Warren Buffett, who aims to have $20 billion in cash at his Berkshire Hathaway Inc., isn’t investing fast enough to keep money from piling up.
Berkshire will post a $4.3 billion third-quarter profit, according to an estimate from Barclays Plc, adding to a cash hoard of $35.7 billion at the end of June. Buffett also got back $4.4 billion this month that was lent to help Mars Inc. buy Wm. Wrigley Jr. Co. in 2008.
Even in a year in which the company has struck some of its largest deals and accelerated capital spending, Buffett still needs to find acquisitions. Omaha, Nebraska-based Berkshire has already invested $12.3 billion on a takeover of HJ Heinz Co., committed $5.6 billion to buy a Nevada electric utility and made smaller purchases through subsidiaries since Dec. 31.
“It’s a high-class problem,” said Cliff Gallant, an analyst at Nomura Holdings Inc. “The year’s not up. I wouldn’t be surprised to see another deal of some sort.”
Buffett, Berkshire’s chairman and chief executive officer for more than four decades, has said he likes to keep $20 billion on hand should the reinsurance operations need to pay large claims. Having additional cash allows him to make big investments when others are fearful.
Buffett’s 2008 deals with companies including Mars, Dow Chemical Co., Goldman Sachs Group Inc. and General Electric Co. allowed him to put large amounts of money to work, earn high interest rates and, in some cases, get warrants to buy equity.
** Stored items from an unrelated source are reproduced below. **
Lemma sabs_sreal r : sabs (sreal r) = Rabs r.
Proof.
  apply pow2_inj; [apply sabs_pos | apply Rabs_pos |].
  rewrite sabs_sqr, pow2_abs. unfold snorm2, sreal. destruct k; simpl; ring.
Qed.

Lemma sabs_add_sub_le_3 a b :
  sabs a <= 1 -> sabs b <= 1 -> sabs (sadd a b) + sabs (sadd a (sopp b)) <= 3.
Proof.
  intros Ha Hb.
  assert (Hpar : sabs (sadd a b) ^ 2 + sabs (sadd a (sopp b)) ^ 2
                 = 2 * sabs a ^ 2 + 2 * sabs b ^ 2)
    by (rewrite !sabs_sqr; scal_ring k).
  pose proof (sabs_pos a); pose proof (sabs_pos b).
  pose proof (sabs_pos (sadd a b)); pose proof (sabs_pos (sadd a (sopp b))).
  set (s := sabs (sadd a b)) in *; set (t := sabs (sadd a (sopp b))) in *.
  assert (Hst : (s + t) ^ 2 <= 8).
  { pose proof (pow2_ge_0 (s - t)). nra. }
  nra.
Qed.

Lemma sabs_sprod_le_1 n (g : nat -> scal k) :
  (forall i, (i < n)%nat -> sabs (g i) <= 1) -> sabs (sprod n g) <= 1.
Proof.
  induction n as [|n IH]; intros Hg; simpl; [rewrite sabs_1; lra|].
  rewrite sabs_mult.
  pose proof (IH (fun i Hi => Hg i (Nat.lt_lt_succ_r i n Hi))).
  pose proof (Hg n (Nat.lt_succ_diag_r n)).
  pose proof (sabs_pos (sprod n g)); pose proof (sabs_pos (g n)). nra.
Qed.

Lemma ssum_ext {A} (g h : A -> scal k) (l : list A) :
  (forall x, g x = h x) -> ssum g l = ssum h l.
Proof. intros Hgh; induction l; simpl; [|rewrite Hgh, IHl]; reflexivity. Qed.

Lemma ssum_smul {A} (r : scal k) (h : A -> scal k) (l : list A) :
  ssum (fun x => smul r (h x)) l = smul r (ssum h l).
Proof.
  induction l as [|x l IH]; simpl; [symmetry; apply smul_0_r|].
  rewrite IH, smul_add_distr_l. reflexivity.
Qed.

Lemma ssum_zero {A} (h : A -> scal k) (l : list A) :
  (forall x, h x = szero k) -> ssum h l = szero k.
Proof. intros Hh; induction l; simpl; [|rewrite IHl, Hh, sadd_0_l]; reflexivity. Qed.

End ScalarField.

Definition eventually_lt (d : nat -> R) : Prop :=
  forall eps, 0 < eps -> exists N, forall m, (N <= m)%nat -> d m < eps.

Definition scal_cauchy {k} (s : nat -> scal k) : Prop :=
  forall eps, 0 < eps -> exists N, forall m p, (N <= m)%nat -> (N <= p)%nat ->
    sabs (sadd (s m) (sopp (s p))) < eps.

Lemma eventually_lt_add (d1 d2 : nat -> R) :
  eventually_lt d1 -> eventually_lt d2 -> eventually_lt (fun m => d1 m + d2 m).
Proof.
  intros H1 H2 eps He.
  destruct (H1 (eps / 2)) as [N1 HN1]; [lra|].
  destruct (H2 (eps / 2)) as [N2 HN2]; [lra|].
  exists (N1 + N2)%nat. intros m Hm.
  specialize (HN1 m ltac:(lia)); specialize (HN2 m ltac:(lia)). lra.
Qed.

Lemma eventually_lt_le (d1 d2 : nat -> R) :
  (forall m, d1 m <= d2 m) -> eventually_lt d2 -> eventually_lt d1.
Proof.
  intros Hle H eps He. destruct (H eps He) as [N HN].
  exists N. intros m Hm. specialize (HN m Hm). specialize (Hle m). lra.
Qed.

Lemma scal_cauchy_le k k' (s : nat -> scal k) (t : nat -> scal k') :
  (forall m p, sabs (sadd (t m) (sopp (t p))) <= sabs (sadd (s m) (sopp (s p)))) ->
  scal_cauchy s -> scal_cauchy t.
Proof.
  intros Hle H eps He. destruct (H eps He) as [N HN].
  exists N. intros m p Hm Hp. specialize (HN m p Hm Hp). specialize (Hle m p). lra.
Qed.

Lemma real_complete (s : nat -> R) :
  scal_cauchy (k := KReal) s ->
  exists l, eventually_lt (fun m => Rabs (s m + - l)).
Proof.
  intros H. destruct (R_complete s) as [l Hl].
  - intros eps He. destruct (H eps He) as [N HN].
    exists N. intros n m Hn Hm. apply HN; lia.
  - exists l. intros eps He. destruct (Hl eps He) as [N HN].
    exists N. intros m Hm. apply HN. lia.
Qed.

Lemma scal_complete {k} (s : nat -> scal k) :
  scal_cauchy s -> exists l, eventually_lt (fun m => sabs (sadd (s m) (sopp l))).
Proof.
  destruct k; [apply real_complete|]. intros H.
  assert (Hparts : forall z : Cx,
            Rabs (fst z) <= cabs z /\ Rabs (snd z) <= cabs z /\
            cabs z <= Rabs (fst z) + Rabs (snd z)).
  { intros [z1 z2]. pose proof (sabs_sqr (k := KComplex) (z1, z2)) as Hz.
    pose proof (sabs_pos (k := KComplex) (z1, z2)) as Hpos. unfold snorm2 in Hz.
    cbn -[pow] in *.
    rewrite <- (pow2_abs z1), <- (pow2_abs z2) in Hz.
    pose proof (Rabs_pos z1); pose proof (Rabs_pos z2).
    repeat split.
    - apply (le_of_pow2_eq_plus _ _ (Rabs z2)); assumption.
    - apply (le_of_pow2_eq_plus _ _ (Rabs z1)); [assumption | rewrite Hz; ring].
    - destruct (Rle_dec (cabs (z1, z2)) (Rabs z1 + Rabs z2)) as [Hle|Hgt]; [exact Hle|].
      apply Rnot_le_lt in Hgt. nra. }
  destruct (real_complete (fun n => fst (s n))) as [l1 H1].
  { apply (scal_cauchy_le KComplex KReal s); [|exact H].
    intros m p. apply (Hparts (cadd (s m) (copp (s p)))). }
  destruct (real_complete (fun n => snd (s n))) as [l2 H2].
  { apply (scal_cauchy_le KComplex KReal s); [|exact H].
    intros m p. apply (Hparts (cadd (s m) (copp (s p)))). }
  exists (l1, l2).
  apply (eventually_lt_le _ _ (fun m => proj2 (proj2 (Hparts _)))).
  exact (eventually_lt_add _ _ H1 H2).
Qed.

Section Ell1Two.
Variable k : field_kind.

Definition ell1_2_carrier : Type := (scal k * scal k)%type.
Definition ell1_2_add (u v : ell1_2_carrier) : ell1_2_carrier :=
  (sadd (fst u) (fst v), sadd (snd u) (snd v)).
Definition ell1_2_opp (u : ell1_2_carrier) : ell1_2_carrier :=
  (sopp (fst u), sopp (snd u)).
Definition ell1_2_scal (a : scal k) (u : ell1_2_carrier) : ell1_2_carrier :=
  (smul a (fst u), smul a (snd u)).
Definition ell1_2_norm (u : ell1_2_carrier) : R := sabs (fst u) + sabs (snd u).

Lemma ell1_2_complete (s : nat -> ell1_2_carrier) :
  (forall eps, 0 < eps -> exists N, forall m p, (N <= m)%nat -> (N <= p)%nat ->
     ell1_2_norm (ell1_2_add (s m) (ell1_2_opp (s p))) < eps) ->
  exists l, eventually_lt (fun m => ell1_2_norm (ell1_2_add (s m) (ell1_2_opp l))).
Proof.
  unfold ell1_2_norm, ell1_2_add, ell1_2_opp; simpl. intros H.
  destruct (scal_complete (fun n => fst (s n))) as [l1 H1].
  { intros eps He. destruct (H eps He) as [N HN]. exists N. intros m p Hm Hp.
    specialize (HN m p Hm Hp). pose proof (sabs_pos (sadd (snd (s m)) (sopp (snd (s p))))).
    lra. }
  destruct (scal_complete (fun n => snd (s n))) as [l2 H2].
  { intros eps He. destruct (H eps He) as [N HN]. exists N. intros m p Hm Hp.
    specialize (HN m p Hm Hp). pose proof (sabs_pos (sadd (fst (s m)) (sopp (fst (s p))))).
    lra. }
  exists (l1, l2). exact (eventually_lt_add _ _ H1 H2).
Qed.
The cash pile climbed as high as $49.1 billion on March 31, before falling in the second quarter after the Heinz deal. Berkshire had about $40 billion on hand, Buffett told CNBC on Oct. 16. He didn’t return a message seeking comment about his plans for the funds.
“It’s too much any time we have more than $20 billion,” he said in a May interview with Bloomberg Television’s Betty Liu. “But that doesn’t mean we’re going to spend it just because we have it.”
Still, keeping ample liquidity has come at a price. Most of Berkshire’s cash is in Treasuries, which have generated little interest income as the Federal Reserve kept rates low to help stimulate the economy.
“The $20 billion-plus of cash-equivalent assets that we customarily hold is earning a pittance at present,” Buffett wrote in a 2010 letter to investors. “But we sleep well.”
Barclays estimated that Berkshire’s earnings will climb about 9 percent in the three months ended Sept. 30 from a year earlier. The company will benefit from higher profit at railroad Burlington Northern Santa Fe and insurance units, analysts led by Jay Gelb wrote in an Oct. 2 report. Buffett may announce results as soon as tomorrow.
Berkshire has enough cash for a $15 billion acquisition, counting proceeds from Mars and commitments to buy businesses, the analysts wrote in a note on Oct. 4. Since then, Berkshire’s Marmon unit agreed to buy a beverage dispenser business from IMI Plc for $1.1 billion.
Buffett, 83, has passed on some opportunities to draw down his cash pile this year. Deals with Goldman Sachs and GE in 2008 enabled him to buy a combined $8 billion in the companies’ stock at below-market prices. Instead, he settled the contracts this month in cashless transactions that gave him smaller stakes.
Exercising his full option to buy Goldman Sachs shares would have made the holding one of the largest in Berkshire’s stock portfolio, which was valued at more than $100 billion at the end of June. Buffett has said he’d rather focus on his biggest equity investments: Wells Fargo & Co., International Business Machines Corp., American Express Co. and Coca-Cola Co.
“Otherwise, we would have been putting a great many billions of dollars in,” he said of Goldman Sachs in the interview with Liu. “That’s not an investment that we anticipate being in our big four, but it’s an investment we’re happy to have.”
The wind-down of Buffett’s crisis-era wagers has put a dent in investment income. Mars repaid bonds that carried an 11.45 percent coupon, and Goldman Sachs and GE each paid 10 percent dividends on the funds Buffett provided. Both companies redeemed Berkshire’s stake in 2011.
The Heinz purchase replaces some of that revenue. In addition to getting half the equity in the world’s largest ketchup maker, Berkshire invested $8 billion to get preferred shares that pay $720 million in dividends a year.
Berkshire Class A shares slipped 0.5 percent to $173,467 at 10:18 a.m. in New York. They have gained 29 percent this year, outpacing the 23 percent advance by the Standard & Poor’s 500 Index.
Buffett’s firm has more than 80 units that operate airplanes and power plants, manufacture bricks and chemicals, and sell products from chocolate to running shoes. Together, they helped generate a record $9.4 billion profit in the first six months of the year.
“The cash-flow generation at Berkshire right now is immense,” said Meyer Shields, an analyst at Keefe, Bruyette & Woods. “Eventually, there will be something to buy, and he’ll have the cash on hand to buy it.”